WHAT THIS TASK INVOLVES: Repeat, exactly and completely, the entries shown underneath.

Top of DATA SHOWN

(* Let $0<m<1$, $\mu>0$, let $f:\mathbb{R}\to\mathbb{R}$ be smooth, and let $u_->u_+=0$. For $s\in\mathbb{R}$ put $g(u)=-s(u-u_-)+f(u)-f(u_-)$. (1) (Necessary condition.) If the equation $u_t+f(u)_x=\mu (u^m)_{xx}$ admits a monotonically decreasing shock profile $u(x,t)=U(x-st)$ connecting $u_-$ and $u_+$, i.e. $U$ is monotonically decreasing, solves $-sU_\xi+f(U)_\xi=\mu (U^m)_{\xi\xi}$ and satisfies $U(\xi)\to u_\pm$ as $\xi\to\pm\infty$, then $u_\pm$ and $s$ satisfy the Rankine–Hugoniot condition $$s=\frac{f(u_+)-f(u_-)}{u_+-u_-}$$ and the generalized shock condition $g(u)<0$ for all $u\in(u_+,u_-)$. (2) (Sufficient condition.) If $s$ satisfies the Rankine–Hugoniot condition above and $g(u)<0$ for all $u\in(u_+,u_-)$, then there exists a monotonically decreasing solution $U(\xi)$ of $-sU_\xi+f(U)_\xi=\mu (U^m)_{\xi\xi}$ with $U(\pm\infty)=u_\pm$, and it is unique up to a shift in $\xi$. (3) (Decay properties.) In the non-degenerate case $f'(u_+)<s<f'(u_-)$ this profile satisfies $$|U_\xi|^{\frac{1}{2-m}}\sim |U(\xi)-u_+|\sim |\xi|^{-\frac{1}{1-m}}\ \text{ as }\xi\to+\infty,\qquad |U_\xi|\sim |U(\xi)-u_-|\sim e^{-\lambda|\xi|}\ \text{ as }\xi\to-\infty,$$ where $\lambda:=\frac{u_-^{1-m}}{\mu m}\big(f'(u_-)-s\big)>0$. In the degenerate case $f'(u_+)=s<f'(u_-)$, assuming moreover that $f''(u_+)=\cdots=f^{(k_+)}(u_+)=0$ and $f^{(k_++1)}(u_+)\neq 0$ for some integer $k_+\ge 1$, it satisfies $$|U_\xi|^{\frac{1}{k_++2-m}}\sim |U(\xi)-u_+|\sim |\xi|^{-\frac{1}{k_++1-m}}\ \text{ as }\xi\to+\infty,\qquad |U_\xi|\sim |U(\xi)-u_-|\sim e^{-\lambda|\xi|}\ \text{ as }\xi\to-\infty,$$ with the same $\lambda$.
   Context: For positive functions, $a(\xi)\sim b(\xi)$ as $\xi\to\xi_0$ means there is a constant $C\ge 1$ with $C^{-1}b\le a\le Cb$ in a neighborhood of $\xi_0$. Note that under the Rankine–Hugoniot condition $g(u)$ also equals $-s(u-u_+)+f(u)-f(u_+)$. *)

From Stdlib Require Import Reals.
From Coquelicot Require Export Coquelicot.
Open Scope R_scope.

Bottom of DATA SHOWN

RESULT FOR THIS EXERCISE:
(* Let $0<m<1$, $\mu>0$, let $f:\mathbb{R}\to\mathbb{R}$ be smooth, and let $u_->u_+=0$. For $s\in\mathbb{R}$ put $g(u)=-s(u-u_-)+f(u)-f(u_-)$. (1) (Necessary condition.) If the equation $u_t+f(u)_x=\mu (u^m)_{xx}$ admits a monotonically decreasing shock profile $u(x,t)=U(x-st)$ connecting $u_-$ and $u_+$, i.e. $U$ is monotonically decreasing, solves $-sU_\xi+f(U)_\xi=\mu (U^m)_{\xi\xi}$ and satisfies $U(\xi)\to u_\pm$ as $\xi\to\pm\infty$, then $u_\pm$ and $s$ satisfy the Rankine–Hugoniot condition $$s=\frac{f(u_+)-f(u_-)}{u_+-u_-}$$ and the generalized shock condition $g(u)<0$ for all $u\in(u_+,u_-)$. (2) (Sufficient condition.) If $s$ satisfies the Rankine–Hugoniot condition above and $g(u)<0$ for all $u\in(u_+,u_-)$, then there exists a monotonically decreasing solution $U(\xi)$ of $-sU_\xi+f(U)_\xi=\mu (U^m)_{\xi\xi}$ with $U(\pm\infty)=u_\pm$, and it is unique up to a shift in $\xi$. (3) (Decay properties.) In the non-degenerate case $f'(u_+)<s<f'(u_-)$ this profile satisfies $$|U_\xi|^{\frac{1}{2-m}}\sim |U(\xi)-u_+|\sim |\xi|^{-\frac{1}{1-m}}\ \text{ as }\xi\to+\infty,\qquad |U_\xi|\sim |U(\xi)-u_-|\sim e^{-\lambda|\xi|}\ \text{ as }\xi\to-\infty,$$ where $\lambda:=\frac{u_-^{1-m}}{\mu m}\big(f'(u_-)-s\big)>0$. In the degenerate case $f'(u_+)=s<f'(u_-)$, assuming moreover that $f''(u_+)=\cdots=f^{(k_+)}(u_+)=0$ and $f^{(k_++1)}(u_+)\neq 0$ for some integer $k_+\ge 1$, it satisfies $$|U_\xi|^{\frac{1}{k_++2-m}}\sim |U(\xi)-u_+|\sim |\xi|^{-\frac{1}{k_++1-m}}\ \text{ as }\xi\to+\infty,\qquad |U_\xi|\sim |U(\xi)-u_-|\sim e^{-\lambda|\xi|}\ \text{ as }\xi\to-\infty,$$ with the same $\lambda$.
   Context: For positive functions, $a(\xi)\sim b(\xi)$ as $\xi\to\xi_0$ means there is a constant $C\ge 1$ with $C^{-1}b\le a\le Cb$ in a neighborhood of $\xi_0$. Note that under the Rankine–Hugoniot condition $g(u)$ also equals $-s(u-u_+)+f(u)-f(u_+)$. *)

From Stdlib Require Import Reals.
From Coquelicot Require Export Coquelicot.
Open Scope R_scope.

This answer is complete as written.